The quotient rule is ##\frac{u'v - uv'}{v^2}## where ##v = y^2##, am I right?

 

[fresh_42]

What's wrong with that?

Nothing. If you like, you may even write ##y^{100}##. Just said it's not the usual way. And you don't have to shout here.

 

[askor]

Nothing. If you like, you may even write ##y^{100}##. Just said it's not the usual way. And you don't have to shout here.

I am not shouting. So, what do you mean with another ##y## that could be cancelled?

Please explain, I don't understand.

 

[fresh_42]

You have a common factor ##y## in each summand of the nominator and four of them in the denominator.
Or if you like to proceed with formulas: ##ab+ac=a(b+c)## and ##\frac{y(y-2xy')}{y^4}=\frac{y-2xy'}{y^3}##.

 

[askor]

You have a common factor ##y## in each summand of the nominator and four of them in the denominator.
Or if you like to proceed with formulas: ##ab+ac=a(b+c)## and ##\frac{y(y-2xy')}{y^4}=\frac{y-2xy'}{y^3}##.

OK, but is it correct of what I've done so far?

 

[fresh_42]

OK, but is it correct of what I've done so far?

Yes.
And in case you want to differentiate it a second time, it will be a lot easier if ##y## is canceled out before. This also reduces the risk of making mistakes.
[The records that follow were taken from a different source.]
(* Let $D\ge 2$, let $W_1,\dots,W_D$ be mutually independent discrete random variables with finite entropy, and let $S$ be a discrete random variable (jointly distributed with $W_1,\dots,W_D$) with $H(S)<\infty$. Then $$\sum_{\substack{d_1,d_2\in[1:D]\\ d_1\neq d_2}} I\big(W_{d_1},W_{d_2};S\big)\ \le\ (2D-1)\,H(S),$$ where the sum runs over ordered pairs $(d_1,d_2)$.
   Context: $I(\cdot;\cdot)$ denotes mutual information and $H(\cdot)$ Shannon entropy; $[1:D]=\{1,\dots,D\}$. *)

From Stdlib Require Import Reals Lra Lia Classical ClassicalEpsilon.
Open Scope R_scope.

(* Discrete probability space: sample space nat with a pmf p.
   (The joint law of countably many discrete random variables is a
   distribution on a countable set, so this loses no generality.) *)
Definition is_pmf (p : nat -> R) : Prop :=
  (forall w, 0 <= p w) /\ infinite_sum p 1.

(* Value of a convergent series (0 if it does not converge). *)
Definition sum_of (f : nat -> R) : R :=
  match excluded_middle_informative (exists l, infinite_sum f l) with
  | left H => proj1_sig (constructive_indefinite_description _ H)
  | right _ => 0
  end.

Definition Pr (p : nat -> R) (E : nat -> Prop) : R :=
  sum_of (fun w => if excluded_middle_informative (E w) then p w else 0).

(* Summand of the Shannon entropy H(X) = E[- ln P(X = X)] = sum_w p(w) (- ln p_X(X w)). *)
Definition ent_term {A : Type} (p : nat -> R) (X : nat -> A) (w : nat) : R :=
  p w * - ln (Pr p (fun w' => X w' = X w)).

Definition finite_entropy {A : Type} (p : nat -> R) (X : nat -> A) : Prop :=
  exists l, infinite_sum (ent_term p X) l.

Definition Ent {A : Type} (p : nat -> R) (X : nat -> A) : R :=
  sum_of (ent_term p X).

(* Mutual information I(X;Y) = H(X) + H(Y) - H(X,Y) (all finite where used). *)
Definition MI {A B : Type} (p : nat -> R) (X : nat -> A) (Y : nat -> B) : R :=
  Ent p X + Ent p Y - Ent p (fun w => (X w, Y w)).

(* rsum n f = f 1 + ... + f n *)
Fixpoint rsum (n : nat) (f : nat -> R) : R :=
  match n with O => 0 | S m => rsum m f + f n end.
Fixpoint rprod (n : nat) (f : nat -> R) : R :=
  match n with O => 1 | S m => rprod m f * f n end.

Definition mutually_independent (p : nat -> R) (D : nat) (W : nat -> nat -> nat) : Prop :=
  forall x : nat -> nat,
    Pr p (fun w => forall d, (1 <= d <= D)%nat -> W d w = x d)
    = rprod D (fun d => Pr p (fun w => W d w = x d)).

(* Let H(P) be the entropy of the subvector W_P and H_S(P) that of (W_P, S).
   Both are submodular set functions (Shannon's inequality
   H(X,Y,Z) + H(Z) <= H(X,Z) + H(Y,Z), obtained for countably-valued variables from
   ln t <= t - 1), with H <= H_S <= H + H(S), H({}) = 0 and, by independence,
   H([1:D]) = sum_d H({d}).  The chain rule splits
   I(W_a,W_b;S) = I(W_a;S) + I(W_b;S|W_a).  Over the ordered pairs the first terms
   add up to (D-1) sum_a I(W_a;S) <= (D-1) H(S), because independence gives
   sum_a I(W_a;S) <= I(W_[1:D];S) <= H(S).  For fixed a, subadditivity of H and a
   telescoping chain for H_S give sum_{b<>a} I(W_b;S|W_a) <= H(S), contributing D H(S). *)

From Stdlib Require Import Reals Lra Lia ClassicalEpsilon
  FunctionalExtensionality PropExtensionality List.
Open Scope R_scope.

Lemma sum_of_eq f l : infinite_sum f l -> sum_of f = l.
Proof.
  intros H. unfold sum_of. destruct excluded_middle_informative as [Hex|Hno].
  - destruct (constructive_indefinite_description _ Hex) as [l' Hl']; simpl.
    exact (uniqueness_sum _ _ _ Hl' H).
  - exfalso; apply Hno; exists l; exact H.
Qed.

Lemma infinite_sum_ext f g l : (forall k, f k = g k) -> infinite_sum f l -> infinite_sum g l.
Proof. intros H. replace g with f; [auto|]. apply functional_extensionality; auto. Qed.

Lemma infinite_sum_plus f g l1 l2 :
  infinite_sum f l1 -> infinite_sum g l2 -> infinite_sum (fun k => f k + g k) (l1 + l2).
Proof.
  intros H1 H2 e He. destruct (CV_plus _ _ _ _ H1 H2 e He) as [N HN].
  exists N; intros n Hn. rewrite sum_plus. apply HN; auto.
Qed.

Lemma infinite_sum_zero : infinite_sum (fun _ => 0) 0.
Proof.
  intros e He. exists 0%nat. intros n _. rewrite sum_cte. unfold Rdist.
  rewrite Rmult_0_l, Rminus_diag, Rabs_R0. exact He.
Qed.

Lemma infinite_sum_rsum n (g : nat -> nat -> R) l :
  (forall d, (1 <= d <= n)%nat -> infinite_sum (g d) (l d)) ->
  infinite_sum (fun k => rsum n (fun d => g d k)) (rsum n l).
Proof.
  induction n as [|n IH]; simpl; intros H.
  - exact infinite_sum_zero.
  - apply infinite_sum_plus; [apply IH; intros; apply H|apply H]; lia.
Qed.

Lemma Un_cv_const c : Un_cv (fun _ => c) c.
Proof. intros e He; exists 0%nat; intros; unfold Rdist; rewrite Rminus_diag, Rabs_R0; exact He. Qed.

Lemma infinite_sum_le f g l1 l2 :
  (forall k, f k <= g k) -> infinite_sum f l1 -> infinite_sum g l2 -> l1 <= l2.
Proof.
  intros H H1 H2. eapply Rle_cv_lim; [intros n; apply sum_growing, H | exact H1 | exact H2].
Qed.

Lemma infinite_sum_ge0 f l : (forall k, 0 <= f k) -> infinite_sum f l -> 0 <= l.
Proof. intros H. apply (infinite_sum_le (fun _ => 0)); [exact H | exact infinite_sum_zero]. Qed.

Lemma infinite_sum_of_partial_le f M :
  (forall k, 0 <= f k) -> (forall N, sum_f_R0 f N <= M) -> exists l, infinite_sum f l.
Proof.
  intros H0 HM. destruct (growing_cv (fun N => sum_f_R0 f N)) as [l Hl].
  - intros n; simpl. specialize (H0 (S n)); lra.
  - exists M. intros x [N ->]. apply HM.
  - exists l; exact Hl.
Qed.

Lemma infinite_sum_of_le f g l :
  (forall k, 0 <= f k <= g k) -> infinite_sum g l -> exists l', infinite_sum f l'.
Proof.
  intros H Hg. destruct (Rseries_CV_comp f g H (exist _ l Hg)) as [l' Hl'].
  exists l'; exact Hl'.
Qed.

Lemma ln_le_sub1 x : 0 < x -> ln x <= x - 1.
Proof. intros Hx. generalize (exp_ineq1_le (ln x)). rewrite exp_ln by exact Hx. lra. Qed.

(* Also true for [x <= 0], where [ln] takes the junk value 0. *)
Lemma ln_nonpos x : x <= 1 -> ln x <= 0.
Proof.
  intros Hx. destruct (Rlt_dec 0 x) as [Hpos|Hnpos].
  - rewrite <- ln_1. destruct (Req_dec x 1) as [->|Hne]; [lra|].
    left; apply ln_increasing; lra.
  - unfold ln. destruct (Rlt_dec 0 x); [contradiction | lra].
Qed.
Since ##y## must not be zero anyway, it may be canceled.

 

[rahul_26]

There is a mistake in yours 2 step.
$$\because\;\dfrac{d}{dx}(x)=1\;\&\;\dfrac{d}{dx}(y)^2=2y\cdot\dfrac{dy}{dx}$$
So, your 2 step will be as-
$$\dfrac{d}{dx}\left(\dfrac{x}{y^2}\right)=\dfrac{1\cdot y^2-x\cdot2y\dfrac{dy}{dx}}{y^4}$$
$$=\dfrac{y^2-2xy\left(\dfrac{dy}{dx}\right)}{y^4}$$
I think this will help you in learning implicit differentiation.
http://www.actucation.com/calculus-...ative/implicit-derivative-and-its-application

 

[askor]

There is a mistake in yours 2 step.
$$\because\;\dfrac{d}{dx}(x)=1\;\&\;\dfrac{d}{dx}(y)^2=2y\cdot\dfrac{dy}{dx}$$
So, your 2 step will be as-
$$\dfrac{d}{dx}\left(\dfrac{x}{y^2}\right)=\dfrac{1\cdot y^2-x\cdot2y\dfrac{dy}{dx}}{y^4}$$
$$=\dfrac{y^2-2xy\left(\dfrac{dy}{dx}\right)}{y^4}$$
I think this will help you in learning implicit differentiation.
http://www.actucation.com/calculus-...ative/implicit-derivative-and-its-application

Yes you're right. Thank you for the correction.